Я хотел было тихо уйти, но раздался стук, и, спотыкаясь, вошел Хассе. Он свалился на стул:
— Я этого больше не вынесу.
Он был по сути добрый человек, с покатыми плечами и маленькими усиками. Скромный, добросовестный служащий. Но именно таким теперь приходилось особенно трудно. Да, пожалуй, таким всегда приходится труднее всех. Скромность и добросовестность вознаграждаются только в романах. В жизни их используют, а потом отшвыривают в сторону.
Хассе поднял руки:
— Подумайте только, опять у нас уволили двоих. Следующий на очереди я, вот увидите, я!
В таком страхе он жил постоянно от первого числа одного месяца до первого числа другого. Я налил ему рюмку водки. Он дрожал всем телом. В один прекрасный день он свалится, — это было очевидно. Больше он уже ни о чем не мог говорить.
— И всё время эти упреки… — прошептал он. Вероятно, жена упрекала его в том, что он испортил ей жизнь. Это была женщина сорока двух лет, несколько рыхлая, отцветшая, но, разумеется, не так опустившаяся, как муж. Ее угнетал страх приближающейся старости. Вмешиваться было бесцельно.
— Послушайте, Хассе, — сказал я. — Оставайтесь у меня сколько хотите. Мне нужно уйти. В платяном шкафу стоит коньяк, может быть он вам больше понравится. Вот ром. Вот газеты. А потом, знаете что? Уйдите вечером с женой из этого логова. Ну, сходите хотя бы в кино. Это обойдется вам не дороже, чем два часа в кафе. Но зато больше удовольствия. Сегодня главное: уметь забывать! И не раздумывать! — Я похлопал его по плечу, испытывая что-то вроде угрызения совести. Впрочем, кино всегда годится. Там каждый может помечтать.

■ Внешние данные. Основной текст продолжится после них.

Lemma e_eq_1_inv (a : Z) (x : R) : e_ a x = 1%C -> exists m : Z, IZR a * x = IZR m.
Proof.
  intros He; apply (f_equal fst) in He; simpl in He.
  replace (2 * PI * IZR a * x) with (2 * (PI * (IZR a * x))) in He by ring.
  rewrite cos_2a_sin in He.
  apply sin_PI_eq_0; nra.
Qed.

Lemma continuous_C (f : R -> C) (x : R) :
  continuous (fun y => fst (f y)) x -> continuous (fun y => snd (f y)) x -> continuous f x.
Proof.
  intros H1 H2; apply filterlim_locally; intros eps.
  apply filterlim_locally with (eps := eps) in H1.
  apply filterlim_locally with (eps := eps) in H2.
  generalize (filter_and _ _ H1 H2); apply filter_imp; intros y [Ha Hb]; split; auto.
Qed.

Lemma continuous_Cmult (f g : R -> C) (x : R) :
  continuous f x -> continuous g x -> continuous (fun y => (f y * g y)%C) x.
Proof.
  intros Hf Hg.
  assert (Hparts : forall h : R -> C, continuous h x ->
            continuity_pt (fun y => fst (h y)) x /\ continuity_pt (fun y => snd (h y)) x).
  { intros h Hh; split; apply continuity_pt_filterlim.
    - apply (continuous_comp h fst); [exact Hh | apply continuous_fst].
    - apply (continuous_comp h snd); [exact Hh | apply continuous_snd]. }
  destruct (Hparts f Hf) as [Hf1 Hf2]; destruct (Hparts g Hg) as [Hg1 Hg2].
  apply continuous_C; simpl; apply continuity_pt_filterlim.
  - apply continuity_pt_minus; apply continuity_pt_mult; auto.
  - apply continuity_pt_plus; apply continuity_pt_mult; auto.
Qed.

Lemma continuous_Cmult_l (c : C) (f : R -> C) (x : R) :
  continuous f x -> continuous (fun y => (c * f y)%C) x.
Proof. apply continuous_Cmult, continuous_const. Qed.

Lemma continuous_e (a : Z) (x : R) : continuous (e_ a) x.
Proof.
  apply continuous_C; unfold e_; simpl;
    apply (ex_derive_continuous (K := R_AbsRing) (V := R_NormedModule)); auto_derive; auto.
Qed.

Lemma is_RInt_C (f : R -> C) (a b : R) (u v : R) :
  is_RInt (fun y => fst (f y)) a b u -> is_RInt (fun y => snd (f y)) a b v -> is_RInt f a b (u, v).
Proof. apply is_RInt_fct_extend_pair. Qed.

Lemma is_RInt_Cmult_l (c : C) (f : R -> C) (a b : R) (v : C) :
  is_RInt f a b v -> is_RInt (fun y => (c * f y)%C) a b (c * v)%C.
Proof.
  intros H.
  pose proof (is_RInt_fct_extend_fst f a b v H) as H1.
  pose proof (is_RInt_fct_extend_snd f a b v H) as H2.
  apply is_RInt_C; simpl.
  - apply (is_RInt_minus (V := R_NormedModule)); apply (is_RInt_scal (V := R_NormedModule)); auto.
  - apply (is_RInt_plus (V := R_NormedModule)); apply (is_RInt_scal (V := R_NormedModule)); auto.
Qed.

Lemma is_RInt_R0 (a b : R) : is_RInt (fun _ => 0) a b 0.
Proof.
  pose proof (is_RInt_const (V := R_NormedModule) a b 0) as H.
  unfold scal in H; simpl in H; unfold mult in H; simpl in H.
  rewrite Rmult_0_r in H; exact H.
Qed.

Lemma is_RInt_RtoC (f : R -> R) (a b v : R) :
  is_RInt f a b v -> is_RInt (fun y => RtoC (f y)) a b (RtoC v).
Proof. intros H; apply is_RInt_C; [exact H | apply is_RInt_R0]. Qed.

Lemma is_RInt_e (k : Z) : is_RInt (e_ k) 0 1 (if (k =? 0)%Z then RtoC 1 else RtoC 0).
Proof.
  destruct (Z.eqb_spec k 0) as [-> | Hk].
  - apply (is_RInt_ext (fun _ => RtoC 1)); [intros; symmetry; apply e_freq_0 |].
    apply is_RInt_RtoC.
    pose proof (is_RInt_const (V := R_NormedModule) 0 1 1) as H.
    unfold scal in H; simpl in H; unfold mult in H; simpl in H.
    rewrite Rminus_0_r, Rmult_1_r in H; exact H.
  - set (w := 2 * PI * IZR k).
    assert (Hw : w <> 0).
    { pose proof PI_RGT_0; apply not_0_IZR in Hk; unfold w; apply Rmult_integral_contrapositive; lra. }
    assert (H1 : e_ k 1 = 1%C) by (apply (e_eq_1 k k); ring).
    unfold e_ in H1; rewrite Rmult_1_r in H1; fold w in H1.
    pose proof (f_equal fst H1) as Hc; pose proof (f_equal snd H1) as Hs; simpl in Hc, Hs.
    apply is_RInt_C; unfold e_; simpl; fold w.
    + assert (HI : is_RInt (fun x => cos (w * x)) 0 1 (sin (w * 1) / w - sin (w * 0) / w)).
      { apply (is_RInt_derive (V := R_CompleteNormedModule) (fun x => sin (w * x) / w)); intros x _.
        - auto_derive; auto; field; auto.
        - apply (ex_derive_continuous (K := R_AbsRing) (V := R_NormedModule)); auto_derive; auto. }
      rewrite Rmult_1_r, Rmult_0_r, sin_0, Hs in HI.
      rewrite Rminus_diag in HI; exact HI.
    + assert (HI : is_RInt (fun x => sin (w * x)) 0 1 (- cos (w * 1) / w - - cos (w * 0) / w)).
      { apply (is_RInt_derive (V := R_CompleteNormedModule) (fun x => - cos (w * x) / w)); intros x _.
        - auto_derive; auto; field; auto.
        - apply (ex_derive_continuous (K := R_AbsRing) (V := R_NormedModule)); auto_derive; auto. }
      rewrite Rmult_1_r, Rmult_0_r, cos_0, Hc in HI.
      rewrite Rminus_diag in HI; exact HI.
Qed.

(** * Averages over the grid [j / N] *)

Lemma sum_n_m_Cplus (f g : nat -> C) (a b : nat) :
  sum_n_m (fun j => (f j + g j)%C) a b = (sum_n_m f a b + sum_n_m g a b)%C.
Proof. exact (sum_n_m_plus (G := C_AbelianMonoid) f g a b). Qed.

Lemma sum_n_m_Cmult_l (c : C) (f : nat -> C) (a b : nat) :
  sum_n_m (fun j => (c * f j)%C) a b = (c * sum_n_m f a b)%C.
Proof. exact (sum_n_m_mult_l (K := C_Ring) c f a b). Qed.

Lemma sum_n_m_Cext (f g : nat -> C) (a b : nat) :
  (forall j, f j = g j) -> sum_n_m f a b = sum_n_m g a b.
Proof. intros H; apply sum_n_m_ext; exact H. Qed.

Lemma sum_n_m_C1 (N : nat) : sum_n_m (fun _ => RtoC 1) 1 N = RtoC (INR N).
Proof.
  induction N as [|N IH]; [rewrite sum_n_m_zero; [reflexivity | lia] |].
  rewrite sum_n_Sm, IH, S_INR by lia.
  apply injective_projections; simpl; ring.
Qed.

Lemma sum_n_m_geometric_cycle (g : nat -> C) (w : C) (N : nat) :
  (1 <= N)%nat -> (forall j, g (S j) = (w * g j)%C) -> g (S N) = g 1%nat -> w <> RtoC 1 ->
  sum_n_m g 1 N = RtoC 0.
Proof.
  intros HN Hg Hcycle Hw.
  assert (Hshift : (w * sum_n_m g 1 N)%C = sum_n_m g 1 N).
  { rewrite <- sum_n_m_Cmult_l, (sum_n_m_ext _ (fun j => g (S j))) by (intros; auto).
    rewrite sum_n_m_S.
    pose proof (sum_Sn_m g 1 (S N) ltac:(lia)) as E1.
    rewrite (sum_n_Sm g 1 N ltac:(lia)), Hcycle in E1.
    change plus with Cplus in E1.
    replace (sum_n_m g 2 (S N)) with (g 1%nat + sum_n_m g 2 (S N) - g 1%nat)%C by ring.
    rewrite <- E1; ring. }
  assert (Hw1 : (w - 1)%C <> RtoC 0).
  { intros H; apply Hw; replace w with ((w - 1) + 1)%C by ring; rewrite H; ring. }
  set (S := sum_n_m g 1 N : C) in *.
  change (@eq C S (RtoC 0)).
  transitivity (/ (w - 1) * (w * S - S))%C; [field; auto | rewrite Hshift; ring].
Qed.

Дверь в соседнюю комнату была распахнута. Слышались рыдания жены. Я пошел по коридору. Следующая дверь была приоткрыта. Там подслушивали. Оттуда струился густой запах косметики. Это была комната Эрны Бениг — личной секретарши. Она одевалась слишком элегантно для своего жалованья, но один раз в неделю шеф диктовал ей до утра. И тогда на следующий день у нее бывало очень плохое настроение. Зато каждый вечер она ходила на танцы. Она говорила, что если не танцевать, то и жить не захочется. У нее было двое друзей. Один любил ее и приносил ей цветы. Другого любила она и давала ему деньги.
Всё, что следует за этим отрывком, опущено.